Где-то в глубине души Федюнин понимал, что Вальцов безусловно прав, жизнь иногда такое из себя вывернет, что ни в какой закон ты это не втиснешь, ни под какую мерку не подгонишь… Но одно дело — понимать и совершенно другое — взваливать на себя вину за случившееся. Виски и шея у Федюнина начали предательски разогреваться, пощипывать.
— Как же со мной, что со мной будет? — ищуще пробежал он глазами по лицу Вальцева. — Я же не смогу там больше работать…
— Разумеется, — сухо отрезал Вальцев. — Разумеется, не сможешь. — Вальцев с нескрываемым сожалением глядел па суетившегося Федюнина; здесь придумать ничего нельзя было, с Федюниным все ясно; дело тут не в Федюнине, он такой не один, в номенклатурных кадрах все четче обрисовывается какой-то порочный круг. Когда-то каким-то образом поднялся человек на определенную высоту, и оттуда его уже невозможно убрать, захламит одно место, глядь, ему другое готово, почище и с большим окладом, лишь бы ушел он с миром, по собственному желанию, без скандала и жалоб в высшие инстанции. Чуть ниже им опуститься уже никак нельзя. Даже вот этот, неприязненно покосился Вальцев в сторону Федюнина, был прежде неплохим бухгалтером, сидел на своем месте в плановом отделе треста, а теперь… Точнее не скажешь — медный лоб.
— В Густищах никто не сможет, там черт знает что за народ. Какого-то Захара помнят, Дерюгин по фамилии, он у них еще до войны председателем был, а они его помнят, и как что — сразу тебе в рыло этим мифическим Захаром. Как же там работать? — говорил между тем Федюнин, — Может, его и не было, никакого Дерюгина? Так уж сложилось, сам ты лучше меня знаешь, Геннадий Михайлович. Растение, допустим, всегда оставляет земле больше, чем само из нее забирает. А у нас в сельском хозяйстве все наоборот… все подчистую забирают, а в обмен голый кукиш, даже и без прогорклой подмазки. При чем здесь какой-то Захар! Было бы хорошо, никто бы о нем и не вспомнил…
— Подожди, подожди, — заинтересованно блеснул глазами Вальцев, — сравненьице это сам придумал?
— Где уж мне! — Федюнин безнадежно махнул рукой, — В Густищах-то и наслушался…

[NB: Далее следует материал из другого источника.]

Lemma nondecreasing_of_derive_nonneg (f df : R -> R) (a b : R) :
  a <= b ->
  (forall x, a <= x <= b -> is_derive f x (df x)) ->
  (forall x, a <= x <= b -> 0 <= df x) -> f a <= f b.
Proof.
  intros Hab Hd Hdf.
  destruct (Req_dec a b) as [<- | Hne]; [lra |].
  destruct (MVT_cor3 f df a b) as (c & Hac & Hcb & ->); [lra | |].
  - intros x Hax Hxb; apply is_derive_Reals, Hd; lra.
  - assert (0 <= df c * (b - a)) by (apply Rmult_le_pos; [apply Hdf |]; lra). lra.
Qed.

Lemma quad_pos_root_le a p c z y :
  0 < a -> 0 < z -> a * z ^ 2 + p * z = c -> 0 < c ->
  0 <= y -> c <= a * y ^ 2 + p * y -> z <= y.
Proof.
  intros Ha Hz Hzc Hc Hy Hcy.
  assert (Hlin : 0 < a * z + p) by (apply Rmult_lt_reg_r with z; nra).
  destruct (Rle_or_lt z y) as [| Hyz]; [lra |].
  assert (0 < (z - y) * (a * (z + y) + p)) by (apply Rmult_lt_0_compat; nra).
  nra.
Qed.

Definition quad_root (a p c : R) : R := (- p + sqrt (p ^ 2 + 4 * a * c)) / (2 * a).

Section QuadRoot.

Variables a p c : R.
Hypotheses (Ha : 0 < a) (Hc : 0 < c).

Lemma quad_root_discr : sqrt (p ^ 2 + 4 * a * c) = 2 * a * quad_root a p c + p.
Proof. unfold quad_root; field; lra. Qed.

Lemma quad_root_eq : a * quad_root a p c ^ 2 + p * quad_root a p c = c.
Proof.
  assert (Hs : sqrt (p ^ 2 + 4 * a * c) ^ 2 = p ^ 2 + 4 * a * c) by (apply pow2_sqrt; nra).
  rewrite quad_root_discr in Hs. nra.
Qed.

Lemma quad_root_discr_pos : 0 < 2 * a * quad_root a p c + p.
Proof.
  rewrite <- quad_root_discr. apply sqrt_lt_R0. nra.
Qed.
Lemma count_not_off_ramps x : rsum (nq d) (fun q => indicator (~ off_ramps q x)) <= INR d.
Proof.
  apply Rle_trans with (rsum (nq d) (fun q => rsum d (fun p => indicator (on_ramp d N q (x p))))).
  - apply rsum_le. intros q Hq. unfold indicator at 1. destruct excluded_middle_informative as [Hbad|].
    + apply not_all_ex_not in Hbad as [p Hp]. apply imply_to_and in Hp as [Hp Hon]. apply NNPP in Hon.
      eapply Rle_trans; [|apply (rsum_term_le d _ p); [intros; apply indicator_range | exact Hp]].
      unfold indicator. destruct excluded_middle_informative; [lra | contradiction].
    + apply rsum_nonneg. intros. apply indicator_range.
  - rewrite rsum_swap, <- (Rmult_1_r (INR d)), <- rsum_const. apply rsum_le. intros p Hp.
    eapply Rle_trans; [apply RRle_abs|]. apply Rabs_rsum_one_nonzero; [| |lra].
    + intros q _. pose proof (indicator_range (on_ramp d N q (x p))). rewrite Rabs_right; lra.
    + intros i j Hi Hj. unfold indicator.
      do 2 (destruct excluded_middle_informative; [|intros; lra]). intros _ _.
      now apply (on_ramp_unique d N Hd HN i j (x p)).
Qed.

Section Outer.

Variable r : (nat -> R) -> R.
Variables B e : R.
Hypothesis HB : forall x, in_cube d x -> Rabs (r x) <= B.
Hypothesis Hr : forall x y, in_cube d x -> in_cube d y ->
  (forall p, (p < d)%nat -> Rabs (x p - y p) <= cell N) -> Rabs (r x - r y) <= e.

Lemma B_nonneg : 0 <= B.
Proof.
  assert (H0 : in_cube d (fun _ => 0)) by (intros p _; lra).
  pose proof (HB _ H0). pose proof (Rabs_pos (r (fun _ => 0))). lra.
Qed.

(* The outer function interpolates, at the lattice points [T z], the value [r / (d + 1)] at some
   point off the ramps whose inner sum is [T z]; the truncation to [[-B, B]] only matters
   for lattice points that are not such inner sums. *)
Definition code_range : nat := Z.to_nat (up (INR d * (C + refined_inner_err) / T)).
Definition lattice (i : nat) : Z := (Z.of_nat i - Z.of_nat code_range)%Z.
Definition truncate (y : R) : R := Rmax (- B) (Rmin B y).

Definition outer_value (q : nat) (z : Z) : R :=
  truncate (r (epsilon (inhabits (fun _ => 0))
    (fun x => in_cube d x /\ off_ramps q x /\ inner_sum q x = T * IZR z))) / INR (S d).

Definition bump (u : R) : R := clamp (2 - 4 * Rabs u).
Import GRing.Theory Num.Theory.
Local Open Scope ring_scope.

(* Conventions: a Hilbert space of dimension d has computational basis 'I_d;
   a linear map K : X -> Y (dims dX, dY) is a matrix 'M_(dY, dX) acting on
   column vectors; the tensor product X (x) Y has dimension dX * dY with basis
   index mxtens_index (x, y) (first factor most significant), and A *t B is the
   Kronecker product. *)

Section Defs.
Variable C : numClosedFieldType.

Definition adj m n (A : 'M[C]_(m, n)) : 'M[C]_(n, m) := (map_mx Num.conj A)^T.

(* unitary (possibly between spaces given with different index sizes;
   both identities are required, which forces equal dimensions) *)
Definition unitary_mx m n (A : 'M[C]_(m, n)) : Prop :=
  adj A *m A = 1%:M /\ A *m adj A = 1%:M.

Definition psd n (A : 'M[C]_n) : Prop :=
  forall x : 'cV[C]_n, 0 <= (adj x *m A *m x) 0 0.

Definition is_linear_map n m (f : 'M[C]_n -> 'M[C]_m) : Prop :=
  forall (a : C) (X Y : 'M[C]_n), f (a *: X + Y) = a *: f X + f Y.

(* block (i,j) of an operator on X (x) K, as an operator on K *)
Definition mxblk n k (rho : 'M[C]_(n * k)) (i j : 'I_n) : 'M[C]_k :=
  \matrix_(a, b) rho (mxtens_index (i, a)) (mxtens_index (j, b)).

(* (f (x) id_K) rho for f linear *)
Definition ampl n m k (f : 'M[C]_n -> 'M[C]_m) (rho : 'M[C]_(n * k)) : 'M[C]_(m * k) :=
  \sum_(i < n) \sum_(j < n) (f (delta_mx i j) *t mxblk rho i j).

Definition completely_positive n m (f : 'M[C]_n -> 'M[C]_m) : Prop :=
  forall (k : nat) (rho : 'M[C]_(n * k)), psd rho -> psd (ampl f rho).

Definition trace_preserving n m (f : 'M[C]_n -> 'M[C]_m) : Prop :=
  forall X : 'M[C]_n, \tr (f X) = \tr X.

Definition choi n m (f : 'M[C]_n -> 'M[C]_m) : 'M[C]_(n * m) :=
  \sum_(i < n) \sum_(j < n) (delta_mx i j *t f (delta_mx i j)).

Definition is_cptp_choi n m (J : 'M[C]_(n * m)) : Prop :=
  exists f : 'M[C]_n -> 'M[C]_m,
    [/\ is_linear_map f, completely_positive f, trace_preserving f & J = choi f].

Definition is_unitary_choi n m (J : 'M[C]_(n * m)) : Prop :=
  exists X : 'M[C]_(m, n),
    unitary_mx X /\ J = choi (fun rho : 'M[C]_n => X *m rho *m adj X).

(* |K>> = sum_i |i> (x) K|i>  for K : X -> Y *)
Definition vecK m n (K : 'M[C]_(m, n)) : 'cV[C]_(n * m) :=
  \matrix_(k, _) K (mxtens_unindex k).2 (mxtens_unindex k).1.

Definition ix2 a b (i1 : 'I_a) (i2 : 'I_b) : 'I_(a * b) := mxtens_index (i1, i2).
Definition ix3 a b c (i1 : 'I_a) (i2 : 'I_b) (i3 : 'I_c) : 'I_(a * b * c) :=
  ix2 (ix2 i1 i2) i3.
Definition ix6 a b c d e g (i1 : 'I_a) (i2 : 'I_b) (i3 : 'I_c) (i4 : 'I_d)
  (i5 : 'I_e) (i6 : 'I_g) : 'I_(a * b * c * d * e * g) :=
  ix2 (ix2 (ix2 (ix3 i1 i2 i3) i4) i5) i6.

Definition ux2 a b (k : 'I_(a * b)) : 'I_a * 'I_b := mxtens_unindex k.
Definition ux3 a b c (k : 'I_(a * b * c)) : 'I_a * 'I_b * 'I_c :=
  ((ux2 (ux2 k).1).1, (ux2 (ux2 k).1).2, (ux2 k).2).

Section Process.
Variables dP dF dAI dAO dBI dBO : nat.
Local Notation dS := (dP * dF * dAI * dAO * dBI * dBO).

Definition proj_of (w : 'cV[C]_dS) : 'M[C]_dS := w *m adj w.

(* tr_{AI AO BI BO}( W^{T_{AI AO BI BO}} (Mx (x) My) ), an operator on
   P F AI' AO' BI' BO', written as an operator on (P AI' BI') (x) (F AO' BO'),
   where Mx acts on AI AI' AO AO' and My on BI BI' BO BO'. *)
Definition link nI nO mI mO (W : 'M[C]_dS)
  (Mx : 'M[C]_(dAI * nI * (dAO * nO))) (My : 'M[C]_(dBI * mI * (dBO * mO)))
  : 'M[C]_(dP * nI * mI * (dF * nO * mO)) :=
  \matrix_(r, c)
   (let: (p, ai', bi') := ux3 (ux2 r).1 in
    let: (f, ao', bo') := ux3 (ux2 r).2 in
    let: (p2, ai2', bi2') := ux3 (ux2 c).1 in
    let: (f2, ao2', bo2') := ux3 (ux2 c).2 in
    \sum_(ai < dAI) \sum_(ao < dAO) \sum_(bi < dBI) \sum_(bo < dBO)
    \sum_(ai2 < dAI) \sum_(ao2 < dAO) \sum_(bi2 < dBI) \sum_(bo2 < dBO)
      W (ix6 p f ai ao bi bo) (ix6 p2 f2 ai2 ao2 bi2 bo2)
      * Mx (ix2 (ix2 ai ai') (ix2 ao ao')) (ix2 (ix2 ai2 ai2') (ix2 ao2 ao2'))
      * My (ix2 (ix2 bi bi') (ix2 bo bo')) (ix2 (ix2 bi2 bi2') (ix2 bo2 bo2'))).

Definition is_process (W : 'M[C]_dS) : Prop :=
  forall (nI nO mI mO : nat), (0 < nI)%N -> (0 < nO)%N -> (0 < mI)%N -> (0 < mO)%N ->
  forall (Mx : 'M[C]_(dAI * nI * (dAO * nO))) (My : 'M[C]_(dBI * mI * (dBO * mO))),
    is_cptp_choi Mx -> is_cptp_choi My ->
    is_cptp_choi (link W Mx My).

Definition is_pure (W : 'M[C]_dS) : Prop :=
  forall (nI nO mI mO : nat), (0 < nI)%N -> (0 < nO)%N -> (0 < mI)%N -> (0 < mO)%N ->
    (dAI * nI = dAO * nO)%N -> (dBI * mI = dBO * mO)%N ->
    (dP * nI * mI = dF * nO * mO)%N ->
  forall (U : 'M[C]_(dAO * nO, dAI * nI)) (V : 'M[C]_(dBO * mO, dBI * mI)),
    unitary_mx U -> unitary_mx V ->
    is_unitary_choi (link W (vecK U *m adj (vecK U)) (vecK V *m adj (vecK V))).

Definition is_pure_process (W : 'M[C]_dS) : Prop := is_process W /\ is_pure W.

(* induced map: |G(U,V)>>^{PF} = |w>^{T_{AI AO BI BO}} (|U>> (x) |V>>) *)
Definition induced_map (w : 'cV[C]_dS) (U : 'M[C]_(dAO, dAI)) (V : 'M[C]_(dBO, dBI))
  : 'M[C]_(dF, dP) :=
  \matrix_(f, p)
    \sum_(ai < dAI) \sum_(ao < dAO) \sum_(bi < dBI) \sum_(bo < dBO)
      w (ix6 p f ai ao bi bo) 0 * U ao ai * V bo bi.

Definition frame_function_A dEA
  (Pi : 'M[C]_(dBO, dBI) -> 'M[C]_(dAI * dEA, dP))
  (Phi : 'M[C]_(dBO, dBI) -> 'M[C]_(dF, dAO * dEA)) : Prop :=
  forall T : 'M[C]_(dBO, dBI), unitary_mx T -> unitary_mx (Pi T) /\ unitary_mx (Phi T).

Definition frame_function_B dEB
  (Pi : 'M[C]_(dAO, dAI) -> 'M[C]_(dBI * dEB, dP))
  (Phi : 'M[C]_(dAO, dAI) -> 'M[C]_(dF, dBO * dEB)) : Prop :=
  forall T : 'M[C]_(dAO, dAI), unitary_mx T -> unitary_mx (Pi T) /\ unitary_mx (Phi T).

End Process.
End Defs.
(** * Useless instances from distributions *)

Section CountedInstance.
Variables (k n : nat) (C : bstr k -> nat).

Definition inst_constraints : seq (bstr k * {ffun 'I_k -> 'I_n}) :=
  [seq (s, a) | s <- flatten [seq nseq (C s) s | s <- enum (bstr k)],
                a <- [seq a <- enum {ffun 'I_k -> 'I_n} | injectiveb (a : {ffun 'I_k -> 'I_n})]].

Local Notation m := (size inst_constraints).
Local Notation constraint j := (tnth (in_tuple inst_constraints) j).

Definition inst_signs (j : 'I_m) : 'I_k -> bool := (constraint j).1.
Definition inst_vars (j : 'I_m) : 'I_k -> 'I_n := (constraint j).2.

Lemma inst_vars_inj j : injective (inst_vars j).
Proof.
have := mem_tnth j (in_tuple inst_constraints).
by case/allpairsP=> -[s a] [_ /=]; rewrite mem_filter /inst_vars => /andP[/injectiveP ? _] ->.
Qed.

Lemma sum_inst (R : nzRingType) (F : bstr k -> {ffun 'I_k -> 'I_n} -> R) :
  \sum_(j < m) F (constraint j).1 (constraint j).2 =
  \sum_s (C s)%:R * \sum_(a : {ffun 'I_k -> 'I_n} | injectiveb a) F s a.
Proof.
rewrite -(big_tuple _ _ (in_tuple inst_constraints) predT (fun c => F c.1 c.2)).
rewrite big_allpairs big_flatten big_map /= big_enum; apply: eq_bigr => s _.
by rewrite big_nseq iter_addr_0 mulr_natl big_filter big_enum_cond.
Qed.

Lemma frac_val_inst (R : realType) (F : bstr k -> R) x :
  frac_val F inst_vars inst_signs x =
  m%:R^-1 * \sum_s (C s)%:R * \sum_(a : {ffun 'I_k -> 'I_n} | injectiveb a) F (lit a s x).
Proof. exact: (congr1 _ (sum_inst (fun s a => F (lit a s x)))). Qed.

Lemma size_inst (R : nzRingType) : m%:R = (\sum_s C s)%:R * (n ^_ k)%:R :> R.
Proof.
have := sum_inst (fun _ _ => 1 : R); rewrite sumr_const card_ord => ->.
rewrite natr_sum mulr_suml; apply: eq_bigr => s _.
by rewrite sumr_const -card_inj_ffun_ord mulr_natr.
Qed.
End CountedInstance.
(* If $\varphi$ is an automorphism of $E$ of type 4, then the eigenspace of its linearization $\varphi_\ell$ in $L$ corresponding to the eigenvalue $-1$ is nonzero.
   Context: $F$ is a field of characteristic zero, $L$ an infinite-dimensional $F$-vector space with basis $e_1,e_2,\ldots$, $E$ the Grassmann algebra of $L$. An automorphism $\varphi$ of $E$ with $\varphi^2=\mathrm{id}$ is of type 4 if for every basis $\gamma$ of $L$ no element $v\in\gamma$ satisfies $\varphi(v)=\pm v$. Linearization: write $\varphi(e_i)=u_i+v_i$ with $u_i\in L$ and $v_i$ a linear combination of monomials of length $\ge2$; $\varphi_\ell$ is the endomorphism of $E$ with $\varphi_\ell(e_i)=u_i$ for all $i$ (it is an automorphism of order dividing 2, so $\varphi_\ell$ restricted to $L$ has eigenvalues among $\pm1$). *)

(* Concrete model of the Grassmann algebra E of a
   countably-infinite-dimensional space L with basis e_0, e_1, ...
   An element of E is a finitely supported function from finite subsets of nat
   (monomials e_{i1} ... e_{ik}, i1 < ... < ik) to F. *)
From HB Require Import structures.
From mathcomp Require Import all_boot all_order all_algebra.
From mathcomp Require Import finmap.
Set Implicit Arguments. Unset Strict Implicit. Unset Printing Implicit Defensive.
Import Order.TTheory GRing.Theory Num.Theory.
Local Open Scope ring_scope.


Section Grassmann.
Variable F : fieldType.

Definition vec := {fset nat} -> F.

Definition inE (x : vec) : Prop :=
  exists A : {fset {fset nat}}, forall S, S \notin A -> x S = 0.

Definition inL (x : vec) : Prop :=
  inE x /\ forall S, x S != 0 -> #|` S| = 1%N.

Definition vzero : vec := fun _ => 0.
Definition vadd (x y : vec) : vec := fun S => x S + y S.
Definition vopp (x : vec) : vec := fun S => - x S.
Definition vscale (c : F) (x : vec) : vec := fun S => c * x S.
Definition vone : vec := fun S => if S == fset0 then 1 else 0.
Definition gen (i : nat) : vec := fun S => if S == [fset i]%fset then 1 else 0.

(* sign of e_S e_T = sign S T * e_(S u T) for disjoint S, T *)
Definition gsign (S T : {fset nat}) : F :=
  (-1) ^+ (\sum_(s <- enum_fset S) \sum_(t <- enum_fset T) (t < s)%N)%N.

Definition vmul (x y : vec) : vec := fun U =>
  \sum_(S <- enum_fset (fpowerset U)) gsign S (U `\` S)%fset * x S * y (U `\` S)%fset.

Definition lincomb (n : nat) (c : 'I_n -> F) (w : 'I_n -> vec) : vec :=
  fun S => \sum_(i < n) c i * w i S.

Definition basisL (gamma : vec -> Prop) : Prop :=
  (forall v, gamma v -> inL v) /\
  (forall n (w : 'I_n -> vec) (c : 'I_n -> F),
      injective w -> (forall i, gamma (w i)) ->
      lincomb c w = vzero -> forall i, c i = 0) /\
  (forall u, inL u -> exists n (w : 'I_n -> vec) (c : 'I_n -> F),
      (forall i, gamma (w i)) /\ u = lincomb c w).

Definition alg_endo (f : vec -> vec) : Prop :=
  (forall x, inE x -> inE (f x)) /\
  (forall x y, inE x -> inE y -> f (vadd x y) = vadd (f x) (f y)) /\
  (forall c x, inE x -> f (vscale c x) = vscale c (f x)) /\
  (forall x y, inE x -> inE y -> f (vmul x y) = vmul (f x) (f y)) /\
  f vone = vone.

Definition alg_auto (f : vec -> vec) : Prop :=
  alg_endo f /\
  (forall x y, inE x -> inE y -> f x = f y -> x = y) /\
  (forall y, inE y -> exists2 x, inE x & f x = y).

Definition involutive_on_E (f : vec -> vec) : Prop :=
  forall x, inE x -> f (f x) = x.

Definition type4 (f : vec -> vec) : Prop :=
  forall gamma, basisL gamma ->
    ~ (exists v, gamma v /\ (f v = v \/ f v = vopp v)).

Definition lin_part (x : vec) : vec := fun S => if #|` S| == 1%N then x S else 0.

Definition linearization (phi psi : vec -> vec) : Prop :=
  alg_endo psi /\ forall i, psi (gen i) = lin_part (phi (gen i)).

End Grassmann.

(* Suppose the linearization [psi] has no eigenvector for [-1] in [L].  Every
   endomorphism of [E] preserves the filtration by degree, and two endomorphisms
   that agree on the generators modulo degree 2 send an element of degree [>= d]
   to elements agreeing modulo degree [d + 1].  Since [psi] and [phi] agree on
   the generators modulo degree 2 and [phi^2 = id], [psi^2] fixes every [e_i];
   so [e_i - psi e_i] would be a [-1]-eigenvector, whence [psi e_i = e_i], i.e.
   [phi e_i = e_i] modulo degree 2.  Then [y = phi e_i - e_i] satisfies
   [phi y = -y] and [phi y = y] modulo one degree above [y]; as [2 != 0], [y]
   lies in every degree, so [phi] fixes every [e_i], against type 4 for the
   standard basis. *)

From Pilot Require Import Defs.
From HB Require Import structures.
From mathcomp Require Import all_boot all_order all_algebra.
From mathcomp Require Import finmap.
From mathcomp Require Import zify ring.
From Stdlib Require Import FunctionalExtensionality Classical.
Set Implicit Arguments. Unset Strict Implicit. Unset Printing Implicit Defensive.
Import GRing.Theory.
Local Open Scope ring_scope.
Local Open Scope fset_scope.

Section Grassmann.
Variable F : fieldType.
Local Notation vec := (vec F).
Local Notation inE := Defs.inE.
Local Notation vsub x y := (vadd x (vopp y)).
Implicit Types (x y : vec) (S T U : {fset nat}).

Lemma vopp_vscale x : vopp x = vscale (-1) x.
Proof. by apply: functional_extensionality => S; rewrite /vscale mulN1r. Qed.

Lemma vzero_vscale : vzero F = vscale 0 (vone F).
Proof. by apply: functional_extensionality => S; rewrite /vscale mul0r. Qed.

Lemma vopp_vsub x y : vopp (vsub x y) = vsub y x.
Proof. by apply: functional_extensionality => S; rewrite /vadd /vopp opprD opprK addrC. Qed.

Lemma vsub_eq0 x y : vsub x y = vzero F -> x = y.
Proof. by move=> e; apply: functional_extensionality => S; apply/subr0_eq/(congr1 (@^~ S) e). Qed.

Lemma sum_seq_only1 (I : eqType) (r : seq I) (G : I -> F) j :
  uniq r -> (forall i, i \in r -> i != j -> G i = 0) ->
  \sum_(i <- r) G i = if j \in r then G j else 0.
Proof.
move=> ur h; case: ifP => jr.
  by rewrite (bigD1_seq j) //= big1_seq ?addr0 // => i /andP[ij ir]; apply: h.
by rewrite big1_seq // => i /andP[_ ir]; apply: h => //; apply: contraTneq ir => ->; rewrite jr.
Qed.

Definition supp_lt (N : nat) x :=
  forall S, x S != 0 -> forall s, s \in S -> (s < N)%N.

Lemma supp_lt_inE N x : supp_lt N x -> inE x.
Proof.
move=> bx; exists (fpowerset (seq_fset tt (iota 0 N))) => S.
apply: contraNeq => xS; rewrite fpowersetE; apply/fsubsetP => s sS.
by rewrite seq_fsetE mem_iota add0n (bx _ xS).
Qed.

Lemma inE_supp_lt x : inE x -> exists N, supp_lt N x.
Proof.
case=> A hA; exists (\max_(S <- enum_fset A) \max_(s <- enum_fset S) s.+1)%N => S xS s sS.
have SA : S \in A by apply: contraNT xS => /hA ->; rewrite eqxx.
apply: (@leq_trans (\max_(s <- enum_fset S) s.+1)%N).
  exact: (@leq_bigmax_seq _ (enum_fset S) xpredT (fun s => s.+1) s).
exact: (@leq_bigmax_seq _ (enum_fset A) xpredT (fun S => \max_(s <- enum_fset S) s.+1)%N S).
Qed.

Lemma vmul_neq0 x y U : vmul x y U != 0 ->
  exists S, [/\ S `<=` U, x S != 0 & y (U `\` S) != 0].
Proof.
move=> h.
have : has (fun S => (x S != 0) && (y (U `\` S) != 0)) (enum_fset (fpowerset U)).
  apply: contraNT h => /hasPn xy0; apply/eqP; rewrite /vmul big1_seq // => S /andP[_ SU].
  have := xy0 S SU; case: eqP => [->|_] /=; first by rewrite mulr0 mul0r.
  by move/negPn/eqP->; rewrite mulr0.
case/hasP => S SU /andP[xS yS]; exists S; split=> //.
by move: SU; rewrite fpowersetE.
Qed.

Lemma supp_lt_vmul N M x y :
  supp_lt N x -> supp_lt M y -> supp_lt (maxn N M) (vmul x y).
Proof.
move=> bx byy U /vmul_neq0 [S [SU xS yS]] s sU.
case sS: (s \in S); first by apply: leq_trans (leq_maxl _ _); apply: bx sS.
by apply: leq_trans (leq_maxr _ _); apply: (byy _ yS); rewrite in_fsetD sS.
Qed.

Lemma inE_vadd x y : inE x -> inE y -> inE (vadd x y).
Proof.
case=> A hA [B hB]; exists (A `|` B) => S; rewrite in_fsetU negb_or.
by case/andP=> /hA xS /hB yS; rewrite /vadd xS yS addr0.
Qed.

Lemma inE_vscale c x : inE x -> inE (vscale c x).
Proof. by case=> A hA; exists A => S /hA xS; rewrite /vscale xS mulr0. Qed.

Lemma inE_vopp x : inE x -> inE (vopp x).
Proof. by rewrite vopp_vscale; apply: inE_vscale. Qed.

Lemma inE_vmul x y : inE x -> inE y -> inE (vmul x y).
Proof.
case/inE_supp_lt=> N bx /inE_supp_lt [M byy].
exact: supp_lt_inE (supp_lt_vmul bx byy).
Qed.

— Ишь ты, любопытно, — последние слова Федюнина несколько остудили Вальцева; Федюнин сидел на краешке стула кособоко, сгорбившись, и было видно, что он совершенно потерян. Но помочь Федюнину на этот раз было бы уже совершенным преступлением, и поэтому Вальцев старался побыстрее закончить разговор, нетерпеливо поглядывая па телефон, тем более что нужно было торопиться на моторный, поездка эта тоже не из легких (крутой характер Чубарева был ему известен с довоенных лет), и Вальцев действительно уже не имел ни минуты времени; Федюнин понял и встал.
— Как же все-таки со мной, Геннадий Михайлович? — спросил он тихо.
— Подумаем. А такой Захар Дерюгин действительно был, ты этого зря недооценивал. Был он, понимаешь… и все тут, — сказал Вальцев, уже думая о другом, кого бы из самих густищинцев наметить там в председатели, может, того же Митьку Волкова… «А что? — даже несколько растерялся он от своей находки. — И очень даже толково может выйти…» Вальцев энергично, с удовольствием потер руки.
— Не понял, вы это мне? — голос у Федюнина сорвался.